Vella Lovell

  • Speed of Life (2019)

    Speed of Life (2019)

    (On Cable TV, July 2021) As someone who spent a lot of time reading prose Science Fiction, and who had a strong preference for scientifically plausible SF (save for an FTL handwave or two), I always get curiously annoyed by science fiction film that take a loose and fuzzy approach to their imaginary devices. Sure, I’ll allow that Speed of Life, which riffs off David Bowie themes in a way that’s closer to fantasy than SF, is not meant to be rigorous or even rational. It starts with an argument between an ill-matched couple, which gets interrupted mid-stream by the man falling into a wormhole that just opens in their living room. Fast-forwarding thirty years later, the woman (who’s about to flee the US for Canada due to restrictions on what 60+ years old can do) sees her life change when the wormhole re-opens and the man walks out, not understanding what’s happening. That, by itself, is a silly but workable Science Fictional premise, especially as the characters (and those around them) struggle with the consequences of having a man out of time in their midst, and how relationships are altered by this intrusion. Speed of Life’s willingness to present a future not unlike the present is blunt and not really sensical (has no one noticed that 60+ years old vote a lot?) but it’s there and tips the film toward genre-based assessments. There are a few good moments along the way: Ann Dowd is rather good as the older woman who sees a past love re-emerge into her life, and I wouldn’t mind seeing Vella Lovell in other films. Speed of Life occasionally scores good character-based moments, but it gets increasingly ludicrous and unfulfilling the longer it goes on.

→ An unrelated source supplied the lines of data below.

(* Let $d\ge 2$ and $k$ be positive integers. There exists a unique subset $\mathcal{X}$ of $\mathbb{P}^d_\circ$ such that $|\mathcal{X}|=\delta_z(d,k)$ and $\kappa(\mathcal{X})\le k$ if and only if $k=\kappa(B(d,p)\cap\mathbb{P}^d_\circ)$ for some positive integer $p$.
   Context: A point of $\mathbb{Z}^d$ is primitive if its coordinates are relatively prime; $\mathbb{P}^d_\circ$ denotes the set of primitive points of $\mathbb{Z}^d$ whose first non-zero coordinate is positive. $B(d,p)=\{x\in\mathbb{R}^d:\|x\|_1\le p\}$. For a finite $\mathcal{X}\subset\mathbb{R}^d$, $\kappa(\mathcal{X})=\max_{1\le i\le d}\sum_{x\in\mathcal{X}}|x_i|$, and $\delta_z(d,k)=\max\{|\mathcal{X}|:\mathcal{X}\subset\mathbb{P}^d_\circ,\ \kappa(\mathcal{X})\le k\}$. *)

From HB Require Import structures.
From mathcomp Require Import all_boot all_order all_algebra.
From mathcomp Require Import finmap.
Set Implicit Arguments. Unset Strict Implicit. Unset Printing Implicit Defensive.
Import Order.TTheory GRing.Theory Num.Theory.
Local Open Scope fset_scope.
Local Open Scope ring_scope.

Definition pt (d : nat) := {ffun 'I_d -> int}.

Definition primitive (d : nat) (x : pt d) : bool :=
  (\big[gcdn/0%N]_(i < d) `|x i|%N == 1)%N.

Definition first_nz_pos (d : nat) (x : pt d) : bool :=
  [exists i : 'I_d, (0 < x i) && [forall j : 'I_d, (j < i)%N ==> (x j == 0)]].

Definition inPcirc (d : nat) (x : pt d) : bool := primitive x && first_nz_pos x.

Definition l1 (d : nat) (x : pt d) : int := \sum_(i < d) `|x i|.

Definition kappa (d : nat) (X : {fset pt d}) : int :=
  \big[Num.max/0]_(i < d) \sum_(x <- X) `|x i|.

Definition box (d m : nat) : {fset pt d} :=
  seq_fset tt [seq [ffun i => (nat_of_ord (f i))%:Z - m%:Z] | f : {ffun 'I_d -> 'I_(m.*2).+1} <- enum {ffun 'I_d -> 'I_(m.*2).+1}].

(* B(d,p) \cap P^d_circ (every such point lies in the box [-p,p]^d) *)
Definition BP (d p : nat) : {fset pt d} :=
  [fset x in box d p | inPcirc x && (l1 x <= p%:Z)].

Definition admissible (d k : nat) (X : {fset pt d}) : Prop :=
  (forall x, x \in X -> inPcirc x) /\ kappa X <= k%:Z.

Definition admissibleb (d k : nat) (X : {fset pt d}) : bool :=
  all (@inPcirc d) X && (kappa X <= k%:Z).

(* Every admissible X
   satisfies |x_i| <= kappa(X) <= k for x in X, hence X is a subset of the
   box [-k,k]^d, so the maximum may be taken over subsets of that box. *)
Definition delta_z (d k : nat) : nat :=
  (\max_(S <- fpowerset (box d k) | admissibleb k S) #|` S|)%N.

From HB Require Import structures.
From mathcomp Require Import all_boot all_order all_algebra perm zify.
From mathcomp Require Import finmap.
Set Implicit Arguments. Unset Strict Implicit. Unset Printing Implicit Defensive.
Import Order.TTheory GRing.Theory Num.Theory.
Local Open Scope fset_scope.
Local Open Scope ring_scope.

(* If k = kappa(B) for B = B(d,p) /\ P°, then B is invariant under signed permutations
   of the coordinates, so all its column sums equal k and its total l1-weight k*d is the
   largest an admissible set can have.  Since points outside B are heavier than points
   of B, B is the only subset of P° with at least |B| points and weight at most that of B.

   Conversely, a unique maximal admissible set X is invariant under signed permutations.
   For z in X and y outside X, pick d distinct images of each whose absolute values fill
   every column with total l1(z), resp. l1(y) (cyclic shifts of the sorted vector, or sign
   changes when all |z_i| agree); exchanging them keeps X admissible unless l1(z) < l1(y).
   Hence X = B(d,q) /\ P°, and kappa(X) = k, as otherwise (1,q-1,0,...,0) could be
   exchanged for (1,q,0,...,0). *)

Section FsetSums.
Variables (T : choiceType) (R : nmodType) (F : T -> R).

Lemma big_fsetU_disjoint (A B : {fset T}) : [disjoint A & B] ->
  \sum_(x <- A `|` B) F x = \sum_(x <- A) F x + \sum_(x <- B) F x.
Proof.
move=> /fdisjointP AB; rewrite (big_fsetID _ (mem A)) /=; congr (_ + _).
  by apply: eq_fbigl => x; rewrite !inE /=; case: (x \in A); rewrite ?andbF.
apply: eq_fbigl => x; rewrite !inE /=.
by case xA: (x \in A) => /=; [apply/esym/negbTE/AB | rewrite andbT].
Qed.

Lemma big_fsetDS (A B : {fset T}) : B `<=` A ->
  \sum_(x <- A) F x = \sum_(x <- A `\` B) F x + \sum_(x <- B) F x.
Proof.
move=> /fsubsetP BA; rewrite (big_fsetID _ (mem B)) /= addrC; congr (_ + _).
  by apply: eq_fbigl => x; rewrite !inE /= andbC.
by apply: eq_fbigl => x; rewrite !inE /=; apply/andP/idP => [[]//|xB]; split => //; apply: BA.
Qed.

Lemma sumr_const_fset (A : {fset T}) (c : R) : \sum_(x <- A) c = c *+ #|` A|.
Proof. by rewrite big_const_seq count_predT iter_addr_0. Qed.

End FsetSums.

Section Points.
Variable d : nat.
Implicit Types (x y : pt d) (X U V : {fset pt d}).

Lemma in_boxP m x : reflect (forall i, `|x i| <= m%:Z) (x \in box d m).
Proof.
rewrite /box seq_fsetE; apply: (iffP mapP) => [[f _ ->] i | xm].
  by rewrite ffunE; have := ltn_ord (f i); move: (val (f i)); rewrite -addnn; lia.
have lt_m2 i : (absz (x i + m%:Z)%R < m.*2.+1)%N by rewrite -addnn; have := xm i; lia.
exists [ffun i => Ordinal (lt_m2 i)]; first by rewrite mem_enum.
by apply/ffunP => i; rewrite !ffunE /=; have := xm i; lia.
Qed.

By the time the characters hop in time-travelling wormholes at will, the shaky rigour of the premise is completely shot and anything can happen — limiting the consequences of the choices. I also kept waiting for the film to at least acknowledge how the woman’s memory of the relationship was belied by what we saw (anyone witnessing that opening argument would think that a breakup was the only outcome), but that’s a topic that Speed of Life seems unwilling to confront.   In the end, a mildly intriguing opening ends up deflating to a big blob of incoherence and missed opportunities. While I like that writer-director Liz Manashil took Bowie’s death personally enough to create a film about it, the result stops well short of offering satisfaction, and feels undercooked at 76 minutes.